After months of pressure from her boss, Kelly dug out her notes from her meeting with HR and sent a letter to both HR and her superior outlining what had been arranged. Nothing more was said on this topic, but Kelly was ordered to numerous early morning meetings that were irrelevant to her. She ended up staying later, sometimes until midnight, to complete her work and was shut down whenever she offered options. “I felt absolutely humiliated,” she says. “I was being treated like a little child. There were days I cried all the way home.”
One day Kelly lamented her current work situation to a former boss over lunch. He looked at Kelly and told her, “You are being bullied.”
“It was one of those a-ha moments,” says Kelly. “I was able to step out of my workplace environment and look at what was going on as an observer.” Kelly could see the intimidation, fear tactics, shaming and silencing – the bullying.
Bullies, bullies everywhere
Adult bullying takes place at the park, in parent committees and kids’ sporting events; among people in volunteer and peer groups; and even in families. Examples of outright physical bullying among adults include Stewart Ferguson of Pakenham, Ont., near Ottawa, who was sentenced in 2005 to 18 months probation for shoving a referee into a door frame after his son was thrown out of a minor league hockey game. But more often adult bullying is emotional.

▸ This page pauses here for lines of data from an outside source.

(* Assume the setting described in the context and suppose the event $\mathcal{E}$ holds. Let $\gamma\in(0,1)$, let $S\subseteq[n]$ with $|S|=k$ and $\|\mathbf{v}_S\|_2\ge\sqrt\gamma$, and let $\mathbf{w}^{(0)}$ be a unit eigenvector for the largest eigenvalue of $\hat{\boldsymbol{\Gamma}}_{S,S}$, zero-padded to $\mathbb{R}^n$. Then there is an absolute constant $C_1>0$ such that $$ \alpha_0:=|\langle\mathbf{w}^{(0)},\mathbf{v}\rangle|\ \ge\ \sqrt\gamma\sqrt{\Big(1-\frac{C_1(1+\theta)^2}{\theta^2\gamma^2}\cdot\frac{k\log n}{m}\Big)_+}, $$ where $(x)_+=\max\{x,0\}$. In particular, there are absolute constants $C>0$ and $c_0\in(0,1/2]$ such that if $m\ge C\frac{(1+\theta)^2}{\theta^2\gamma^2}k\log n$, then $\alpha_0\ge c_0\gamma$.
   Context: Let $n\ge 2$, $m\ge1$, $\theta>0$, $k\in[n]$; $\mathbf{v}\in\mathbb{R}^n$ a unit vector with at most $k$ nonzero entries; $\mathbf{x}_1,\dots,\mathbf{x}_m$ i.i.d. $\mathcal{N}(\mathbf{0},\mathbf{I}_n+\theta\mathbf{v}\mathbf{v}^\top)$; $\hat{\boldsymbol{\Gamma}}=\frac1m\sum_i\mathbf{x}_i\mathbf{x}_i^\top-\mathbf{I}_n$; $\mathbf{W}=\hat{\boldsymbol{\Gamma}}-\theta\mathbf{v}\mathbf{v}^\top$. $\mathbf{v}_S$ is the restriction of $\mathbf{v}$ to $S$, $\hat{\boldsymbol{\Gamma}}_{S,S}$ a principal submatrix, $\|\cdot\|_2$ Euclidean/spectral norm. Fix an absolute constant $C_0>0$; $\mathcal{E}$ is the event that $\|\mathbf{W}_{S,S}\|_2\le C_0(1+\theta)\sqrt{|S|\log n/m}$ for all nonempty $S\subseteq[n]$. (In the paper, $S$ is the final support $S^{(k)}$ of the SEP algorithm and $\mathbf{w}^{(0)}$ its output.) Absolute constants do not depend on $n,m,k,\theta,\mathbf{v},\gamma$. *)

From HB Require Import structures.
From mathcomp Require Import all_boot all_order all_algebra.
From mathcomp Require Import all_classical all_reals all_analysis.
Set Implicit Arguments. Unset Strict Implicit. Unset Printing Implicit Defensive.
Import Order.TTheory GRing.Theory Num.Theory.
Local Open Scope ring_scope.
Local Open Scope classical_set_scope.
Inductive eval : rec -> list nat -> nat -> Prop :=
| eZero xs : eval rZero xs 0
| eSucc x xs : eval rSucc (x :: xs) x.+1
| eProj i xs : eval (rProj i) xs (nth 0 xs i)
| eComp f gs xs ys v : evals gs xs ys -> eval f ys v -> eval (rComp f gs) xs v
| ePrim0 f g xs v : eval f xs v -> eval (rPrim f g) (0 :: xs) v
| ePrimS f g n xs w v : eval (rPrim f g) (n :: xs) w ->
    eval g (n :: w :: xs) v -> eval (rPrim f g) (n.+1 :: xs) v
| eMu f xs n : eval f (n :: xs) 0 ->
    (forall m, m < n -> exists k, eval f (m :: xs) k.+1) -> eval (rMu f) xs n
with evals : list rec -> list nat -> list nat -> Prop :=
| esNil xs : evals [::] xs [::]
| esCons g gs xs y ys : eval g xs y -> evals gs xs ys -> evals (g :: gs) xs (y :: ys).

(* basic spaces: finite non-empty products of N, Z, A^* (A finite)    *)
Inductive bcomp := CN | CZ | CW (k : nat).

Definition ctype (c : bcomp) : Type :=
  match c with CN => nat | CZ => int | CW k => seq 'I_k end.

Definition cantor (a b : nat) : nat := (a + b) * (a + b).+1 %/ 2 + b.

Definition code_int (z : int) : nat :=
  match z with Posz n => n.*2 | Negz n => n.*2.+1 end.

(* bijective base-k numeration *)
Fixpoint code_word k (w : seq 'I_k) : nat :=
  match w with [::] => 0 | a :: w' => (nat_of_ord a).+1 + k * code_word w' end.

Definition ccode (c : bcomp) : ctype c -> nat :=
  match c return ctype c -> nat with
  | CN => fun n => n | CZ => code_int | CW k => @code_word k end.

Fixpoint btype (c : bcomp) (cs : seq bcomp) : Type :=
  match cs with [::] => ctype c | c' :: cs' => (ctype c * btype c' cs')%type end.
(* Let $M \ge 1$ be a power of $2$ and let $\mathbf{a}, \mathbf{b} \in \mathbb{C}^{M}$ be such that the vector $\begin{bmatrix}\mathbf{a}\\ \mathbf{b}\end{bmatrix} \in \mathbb{C}^{2M}$ is nonzero. Suppose that $\begin{bmatrix}\mathbf{a}\\ \mathbf{b}\end{bmatrix}$ is an eigenvector of $\mathbf{T}_{4M,1}(\mathbf{h})$ for every $\mathbf{h} \in \mathbb{C}^{4M}$. Then for every $\mathbf{g} \in \mathbb{C}^{8M}$, both vectors $$\frac{1}{\sqrt{2}}\begin{bmatrix}\mathbf{a}\\ \mathbf{b}\\ \mathbf{b}\\ -\mathbf{a}\end{bmatrix} \quad\text{and}\quad \frac{1}{\sqrt{2}}\begin{bmatrix}\mathbf{a}\\ \mathbf{b}\\ -\mathbf{b}\\ \mathbf{a}\end{bmatrix} \in \mathbb{C}^{4M}$$ are eigenvectors of $\mathbf{T}_{8M,1}(\mathbf{g})$.
   Context: For a complex matrix $A$, $A^*$ denotes its entrywise complex conjugate and $A^\dagger$ its conjugate transpose. For $K$ a power of $2$ and $\mathbf{h} = (h_1,\dots,h_{2K})^T \in \mathbb{C}^{2K}$, write $\mathbf{h}_{K,1} = (h_1,\dots,h_K)^T$ and $\mathbf{h}_{K,2} = (h_{K+1},\dots,h_{2K})^T$. The ''equivalent channel'' matrices $\mathcal{E}_{K,1}(\mathbf{h}), \mathcal{E}_{K,2}(\mathbf{h})$ (of size $K \times (K/2)$, for $\mathbf{h} \in \mathbb{C}^K$, $K \ge 2$ a power of $2$) are defined recursively by $$\mathcal{E}_{2,1}(h_1,h_2) = \begin{bmatrix} h_1 \\ h_2^* \end{bmatrix},\qquad \mathcal{E}_{2,2}(h_1,h_2) = \begin{bmatrix} h_2 \\ -h_1^* \end{bmatrix},$$ and, for $\mathbf{h} \in \mathbb{C}^{2K}$, $$\mathcal{E}_{2K,1}(\mathbf{h}) = \begin{bmatrix} \mathcal{E}_{K,1}(\mathbf{h}_{K,1}) & \mathcal{E}_{K,2}(\mathbf{h}_{K,2}) \\ \mathcal{E}_{K,1}^*(\mathbf{h}_{K,2}) & -\mathcal{E}_{K,2}^*(\mathbf{h}_{K,1}) \end{bmatrix},\qquad \mathcal{E}_{2K,2}(\mathbf{h}) = \begin{bmatrix} -\mathcal{E}_{K,2}(\mathbf{h}_{K,1}) & -\mathcal{E}_{K,1}(\mathbf{h}_{K,2}) \\ -\mathcal{E}_{K,2}^*(\mathbf{h}_{K,2}) & \mathcal{E}_{K,1}^*(\mathbf{h}_{K,1}) \end{bmatrix}.$$ (These arise from the recursively defined linear space-time code $G_1[s]=s_1$, $G_{2K}[\mathbf{s}] = \begin{bmatrix} G_K[\mathbf{s}_{K,1}] & G_K[\mathbf{s}_{K,2}] \\ -G_K[\mathbf{s}_{K,2}^*] & G_K[\mathbf{s}_{K,1}^*]\end{bmatrix}$ by splitting the symbols into two partitions.) For $\mathbf{h} \in \mathbb{C}^K$ define the $(K/2)\times(K/2)$ Hermitian matrix $\mathbf{T}_{K,1}(\mathbf{h}) = \mathcal{E}_{K,1}^\dagger(\mathbf{h})\,\mathcal{E}_{K,1}(\mathbf{h})$. *)

From HB Require Import structures.
From mathcomp Require Import all_boot all_order all_algebra.
From mathcomp Require Import complex.
From mathcomp Require Import reals.
Set Implicit Arguments. Unset Strict Implicit. Unset Printing Implicit Defensive.
Import Order.TTheory GRing.Theory Num.Theory.
Local Open Scope ring_scope.
(* Let $V\subseteq\mathcal{V}$ be a set of interpretations and consider $\sigma\in\{\mathrm{adm},\mathrm{com},\mathrm{mod}\}$. There is an ADF $D$ such that $\sigma(D)=V$ if and only if there is a $\sigma$-characterization for $V$.
   Context: Let $A$ be a fixed finite set of statements. An interpretation is a mapping $v:A\to\{\mathbf{t},\mathbf{f},\mathbf{u}\}$; $\mathcal{V}$ is the set of all interpretations and $\mathcal{V}_2$ the set of two-valued ones. The information ordering is $\mathbf{u}<_i\mathbf{t}$, $\mathbf{u}<_i\mathbf{f}$, extended pointwise. For $v\in\mathcal{V}$, $[v]_2$ is the set of two-valued interpretations $w$ with $v\leq_i w$. An ADF is $D=(A,L,C)$ where each statement $a$ has an acceptance formula $\varphi_a$ over its parents. The operator $\Gamma_D$ maps $v$ to the interpretation assigning to each $a$ the greatest lower bound w.r.t. $\leq_i$ (consensus: $\mathbf{t}$ if all are $\mathbf{t}$, $\mathbf{f}$ if all are $\mathbf{f}$, otherwise $\mathbf{u}$) of $\{w(\varphi_a)\mid w\in[v]_2\}$. $v$ is admissible iff $v\leq_i\Gamma_D(v)$, complete iff $\Gamma_D(v)=v$, a two-valued model iff it is two-valued and $\Gamma_D(v)=v$; these sets are $\mathrm{adm}(D),\mathrm{com}(D),\mathrm{mod}(D)$. For $f:\mathcal{V}_2\to\mathcal{V}_2$: - $f$ is an adm-characterization of $V$ iff for each $v\in\mathcal{V}$: $v\in V$ iff for every $a\in A$, $v(a)\neq\mathbf{u}$ implies $f(v_2)(a)=v(a)$ for all $v_2\in[v]_2$. - $f$ is a com-characterization of $V$ iff for each $v\in\mathcal{V}$: $v\in V$ iff for every $a\in A$, $v(a)\neq\mathbf{u}$ implies $f(v_2)(a)=v(a)$ for all $v_2\in[v]_2$, and $v(a)=\mathbf{u}$ implies $f(v_2')(a)=\mathbf{t}$ and $f(v_2'')(a)=\mathbf{f}$ for some $v_2',v_2''\in[v]_2$. - $f$ is a mod-characterization of $V$ iff $V\subseteq\mathcal{V}_2$ and for each $v\in\mathcal{V}_2$, $v\in V$ iff $f(v)=v$. *)

From mathcomp Require Import all_boot.
Set Implicit Arguments. Unset Strict Implicit. Unset Printing Implicit Defensive.

Definition tv := option bool.
Notation vt := (Some true).
Notation vf := (Some false).
Notation vu := (@None bool).

Section ADF.
Variable A : finType.

Definition interp := {ffun A -> tv}.
Definition interp2 := {ffun A -> bool}.

Definition to3 (w : interp2) : interp := [ffun a => Some (w a)].

Definition leq_i (v v' : interp) : bool :=
  [forall a, (v a != vu) ==> (v a == v' a)].

Definition ext2 (v : interp) (w : interp2) : bool := leq_i v (to3 w).

Inductive formula : Type :=
| FAtom of A
| FTop
| FBot
| FNeg of formula
| FAnd of formula & formula
| FOr of formula & formula
| FImp of formula & formula.

Fixpoint feval (w : interp2) (phi : formula) : bool :=
  match phi with
  | FAtom a => w a
  | FTop => true
  | FBot => false
  | FNeg p => ~~ feval w p
  | FAnd p q => feval w p && feval w q
  | FOr p q => feval w p || feval w q
  | FImp p q => feval w p ==> feval w q
  end.

Fixpoint atoms (phi : formula) : seq A :=
  match phi with
  | FAtom a => [:: a]
  | FTop | FBot => [::]
  | FNeg p => atoms p
  | FAnd p q | FOr p q | FImp p q => atoms p ++ atoms q
  end.

(* An ADF D = (A, L, C): links L (L b a means (b,a) \in L, i.e. b is a parent
   of a) and, for each statement a, an acceptance formula over its parents. *)
Record ADF : Type := MkADF {
  links : rel A;
  acc : A -> formula;
  acc_parents : forall a b, b \in atoms (acc a) -> links b a
}.

(* Consensus (glb w.r.t. <=_i) of {w(phi) | w \in [v]_2}. *)
Definition Gamma (D : ADF) (v : interp) : interp :=
  [ffun a =>
     if [forall w : interp2, ext2 v w ==> feval w (acc D a)] then vt
     else if [forall w : interp2, ext2 v w ==> ~~ feval w (acc D a)] then vf
     else vu].

Definition two_valued (v : interp) : bool := [forall a, v a != vu].

Definition adm (D : ADF) : {set interp} := [set v | leq_i v (Gamma D v)].
Definition com (D : ADF) : {set interp} := [set v | Gamma D v == v].
Definition mod (D : ADF) : {set interp} :=
  [set v | two_valued v && (Gamma D v == v)].

Definition adm_char (f : interp2 -> interp2) (V : {set interp}) : Prop :=
  forall v : interp, v \in V <->
    (forall a, v a != vu -> forall w, ext2 v w -> Some (f w a) = v a).

Definition com_char (f : interp2 -> interp2) (V : {set interp}) : Prop :=
  forall v : interp, v \in V <->
    (forall a,
       (v a != vu -> forall w, ext2 v w -> Some (f w a) = v a) /\
       (v a = vu -> (exists w', ext2 v w' /\ f w' a = true) /\
                    (exists w'', ext2 v w'' /\ f w'' a = false))).

Definition mod_char (f : interp2 -> interp2) (V : {set interp}) : Prop :=
  (forall v, v \in V -> two_valued v) /\
  (forall w : interp2, to3 w \in V <-> f w = w).

End ADF.

Inductive semantics := Adm | Com | Mod.

Definition sem (A : finType) (s : semantics) (D : ADF A) : {set interp A} :=
  match s with Adm => adm D | Com => com D | Mod => mod D end.

Definition is_char (A : finType) (s : semantics) (f : interp2 A -> interp2 A)
  (V : {set interp A}) : Prop :=
  match s with Adm => adm_char f V | Com => com_char f V | Mod => mod_char f V end.

From mathcomp Require Import all_boot.
Set Implicit Arguments. Unset Strict Implicit. Unset Printing Implicit Defensive.

(* An ADF D determines the map f_D on two-valued interpretations with
   f_D(w)(a) = w(phi_a), and Gamma_D(v)(a) is the consensus of f_D(w)(a) over
   w in [v]_2; reading off the three semantics in these terms gives exactly the
   three characterization conditions for f_D.  Conversely, every
   f : V_2 -> V_2 is f_D for the ADF whose acceptance formula for a is the
   disjunctive normal form of the set {w | f(w)(a) = t}. *)

Section Interpretations.
Variable A : finType.
Implicit Types (v : interp A) (w : interp2 A).

Lemma leq_iP v v' : leq_i v v' <-> forall a, v a != vu -> v a = v' a.
Proof.
split=> [/forallP le_vv' a | le_vv'].
- by move/implyP: (le_vv' a) => le_a /le_a /eqP.
- by apply/forallP=> a; apply/implyP=> /le_vv' ->.
Qed.

Lemma ext2P v w : ext2 v w <-> forall a, v a != vu -> v a = Some (w a).
Proof.
split=> [/leq_iP ext_vw a /ext_vw | ext_vw]; first by rewrite ffunE.
by apply/leq_iP=> a /ext_vw; rewrite ffunE.
Qed.

Lemma ext2_exists v : exists w, ext2 v w.
Proof.
exists [ffun a => if v a is Some b then b else true]; apply/ext2P=> a.
by rewrite ffunE; case: (v a).
Qed.

Lemma to3_inj : injective (@to3 A).
Proof.
move=> w w' /ffunP eq_ww'; apply/ffunP=> a.
by have := eq_ww' a; rewrite !ffunE => -[].
Qed.

Lemma ext2_to3 w0 w : ext2 (to3 w0) w <-> w = w0.
Proof.
split=> [ext_w | ->]; last by apply/ext2P=> a; rewrite ffunE.
apply/ffunP=> a; move/ext2P: ext_w => /(_ a).
by rewrite !ffunE => /(_ isT) [].
Qed.

Lemma two_valuedP v : two_valued v <-> exists w, v = to3 w.
Proof.
split=> [/forallP def_v | [w ->]]; last by apply/forallP=> a; rewrite ffunE.
exists [ffun a => if v a is Some b then b else true].
by apply/ffunP=> a; rewrite !ffunE; move: (def_v a); case: (v a).
Qed.

End Interpretations.

Section CharacterizationConditions.
Variable A : finType.
Implicit Types (f : interp2 A -> interp2 A) (v : interp A).

Definition adm_cond f v : Prop :=
  forall a, v a != vu -> forall w, ext2 v w -> Some (f w a) = v a.

Definition com_cond f v : Prop :=
  forall a,
    (v a != vu -> forall w, ext2 v w -> Some (f w a) = v a) /\
    (v a = vu -> (exists w', ext2 v w' /\ f w' a = true) /\
                 (exists w'', ext2 v w'' /\ f w'' a = false)).

Definition mod_cond f v : Prop := exists w, v = to3 w /\ f w = w.

Definition char_cond (s : semantics) :=
  match s with Adm => adm_cond | Com => com_cond | Mod => mod_cond end.

Lemma is_charP s f (V : {set interp A}) :
  is_char s f V <-> forall v, v \in V <-> char_cond s f v.
Proof.
case: s => //=; split=> [[V_two V_fix] v | V_mod].
- split=> [/[dup] /V_two /two_valuedP [w ->] /V_fix | [w [-> /V_fix //]]].
  by exists w.
- split=> [v /V_mod [w [-> _]] | w]; first by apply/two_valuedP; exists w.
  split=> [/V_mod [w' [/to3_inj -> //]] | fix_w]; by apply/V_mod; exists w.
Qed.

End CharacterizationConditions.

Section SemanticsOfAnADF.
Variables (A : finType) (D : ADF A) (f : interp2 A -> interp2 A).
Hypothesis f_acc : forall w a, f w a = feval w (acc D a).
Implicit Types (v : interp A) (w : interp2 A).

Lemma Gamma_Some v a b :
  Gamma D v a = Some b <-> forall w, ext2 v w -> f w a = b.
Proof.
have [w0 ext_w0] := ext2_exists v.
rewrite /Gamma ffunE.
case: forallP => [all_t | not_all_t].
  split=> [[<-] w ext_w | all_b]; first by rewrite f_acc (implyP (all_t w)).
  by rewrite -(all_b w0) // f_acc (implyP (all_t w0)).
case: forallP => [all_f | not_all_f].
  split=> [[<-] w ext_w | all_b]; first by rewrite f_acc (negbTE (implyP (all_f w) ext_w)).
  by rewrite -(all_b w0) // f_acc (negbTE (implyP (all_f w0) ext_w0)).
split=> // all_b; case: b all_b => all_b.
- by case: not_all_t => w; apply/implyP=> /all_b; rewrite f_acc.
- by case: not_all_f => w; apply/implyP=> /all_b; rewrite f_acc => ->.
Qed.

Lemma Gamma_None v a :
  Gamma D v a = vu <->
  (exists w', ext2 v w' /\ f w' a = true) /\ (exists w'', ext2 v w'' /\ f w'' a = false).
Proof.
rewrite /Gamma ffunE.
case: (boolP [forall w, _ ==> _]) => [/forallP all_t | /forallPn [w0]].
  split=> // -[_ [w [ext_w]]].
  by rewrite f_acc (implyP (all_t w) ext_w).
rewrite negb_imply => /andP [ext_w0 not_t].
case: (boolP [forall w, _ ==> _]) => [/forallP all_f | /forallPn [w1]].
  split=> // -[[w [ext_w t_w]] _]; move: t_w.
  by rewrite f_acc (negbTE (implyP (all_f w) ext_w)).
rewrite negb_imply negbK => /andP [ext_w1 is_t].
by split=> // _; split; [exists w1 | exists w0]; rewrite f_acc ?(negbTE not_t).
Qed.

Lemma Gamma_fixed_defined v a :
  v a != vu -> Gamma D v a = v a <-> forall w, ext2 v w -> Some (f w a) = v a.
Proof.
case: (v a) => [b _ | //].
split=> [/Gamma_Some all_b w /all_b -> // | all_b].
by apply/Gamma_Some=> w /all_b [].
Qed.

Lemma mem_adm v : v \in adm D <-> adm_cond f v.
Proof.
rewrite inE; split=> [/leq_iP fix_v a def_a | cond_v].
  by apply/(Gamma_fixed_defined def_a); rewrite fix_v.
by apply/leq_iP=> a def_a; apply/esym/(Gamma_fixed_defined def_a)/cond_v.
Qed.

Lemma mem_com v : v \in com D <-> com_cond f v.
Proof.
rewrite inE; split=> [/eqP fix_v a | cond_v].
  split=> [def_a | undef_a]; last by apply/Gamma_None; rewrite fix_v.
  by apply/(Gamma_fixed_defined def_a); rewrite fix_v.
apply/eqP/ffunP=> a; have [cond_def cond_undef] := cond_v a.
have [undef_a | def_a] := eqVneq (v a) vu.
  by rewrite undef_a; apply/Gamma_None/cond_undef.
exact/(Gamma_fixed_defined def_a)/cond_def.
Qed.

Lemma Gamma_to3 w : Gamma D (to3 w) = to3 (f w).
Proof. by apply/ffunP=> a; rewrite [RHS]ffunE; apply/Gamma_Some=> w' /ext2_to3 ->. Qed.

Lemma mem_mod v : v \in mod D <-> mod_cond f v.
Proof.
rewrite inE; split=> [/andP [/two_valuedP [w ->]] | [w [-> fix_w]]].
  by rewrite Gamma_to3 => /eqP /to3_inj fix_w; exists w.
apply/andP; split; first by apply/two_valuedP; exists w.
by rewrite Gamma_to3 fix_w.
Qed.

Lemma mem_sem s v : v \in sem s D <-> char_cond s f v.
Proof. by case: s; [apply: mem_adm | apply: mem_com | apply: mem_mod]. Qed.

End SemanticsOfAnADF.

Section NormalForms.
Variable A : finType.
Implicit Types (w u : interp2 A) (s : seq (formula A)).

Definition big_and s : formula A := foldr (@FAnd A) (FTop A) s.
Definition big_or s : formula A := foldr (@FOr A) (FBot A) s.

Lemma feval_big_and w s : feval w (big_and s) = all (feval w) s.
Proof. by elim: s => //= phi s ->. Qed.

Lemma feval_big_or w s : feval w (big_or s) = has (feval w) s.
Proof. by elim: s => //= phi s ->. Qed.

Definition literal u (b : A) : formula A :=
  if u b then FAtom b else FNeg (FAtom b).

Definition point_formula u : formula A := big_and [seq literal u b | b <- enum A].

Lemma feval_point_formula w u : feval w (point_formula u) = (w == u).
Proof.
rewrite feval_big_and all_map; apply/allP/eqP => [eq_wu | -> b _].
  apply/ffunP=> b; have := eq_wu b (mem_enum A b).
  by rewrite /= /literal; case: (u b) => /=; case: (w b).
by rewrite /= /literal; case: ifP => /= ->.
Qed.

Definition dnf (P : pred (interp2 A)) : formula A :=
  big_or [seq point_formula u | u <- enum P].

Lemma feval_dnf w P : feval w (dnf P) = P w.
Proof.
rewrite feval_big_or has_map; apply/hasP/idP => [[u] | Pw].
  by rewrite mem_enum /= feval_point_formula => Pu /eqP ->.
by exists w; rewrite ?mem_enum //= feval_point_formula.
Qed.

Definition adf_of (f : interp2 A -> interp2 A) : ADF A :=
  @MkADF A [rel _ _ | true] (fun a => dnf (fun w => f w a)) (fun _ _ _ => isT).

Lemma feval_adf_of f w a : feval w (acc (adf_of f) a) = f w a.
Proof. exact: feval_dnf. Qed.

End NormalForms.

Theorem theorem1 (A : finType) (V : {set interp A}) (s : semantics) :
  (exists D : ADF A, sem s D = V) <-> (exists f : interp2 A -> interp2 A, is_char s f V).
Proof.
split=> [[D <-] | [f /is_charP char_f]].
  exists (fun w => [ffun a => feval w (acc D a)]); apply/is_charP=> v.
  by apply: mem_sem => w a; rewrite ffunE.
have mem_adf_of := mem_sem (fun w a => esym (feval_adf_of f w a)) s.
exists (adf_of f); apply/setP=> v.
by apply/idP/idP => [/mem_adf_of /char_f | /char_f /mem_adf_of].
Qed.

According to the International Labour Organization, physical and emotional violence is one of the most serious issues facing the workplace today because the psychological wounds can run deep. The Commission des normes du travail, which enforces labour standards in Quebec, has conducted surveys that show up to one in 10 workers in that province have been the subject of harmful bullying, intimidation or belittlement by a boss or coworker.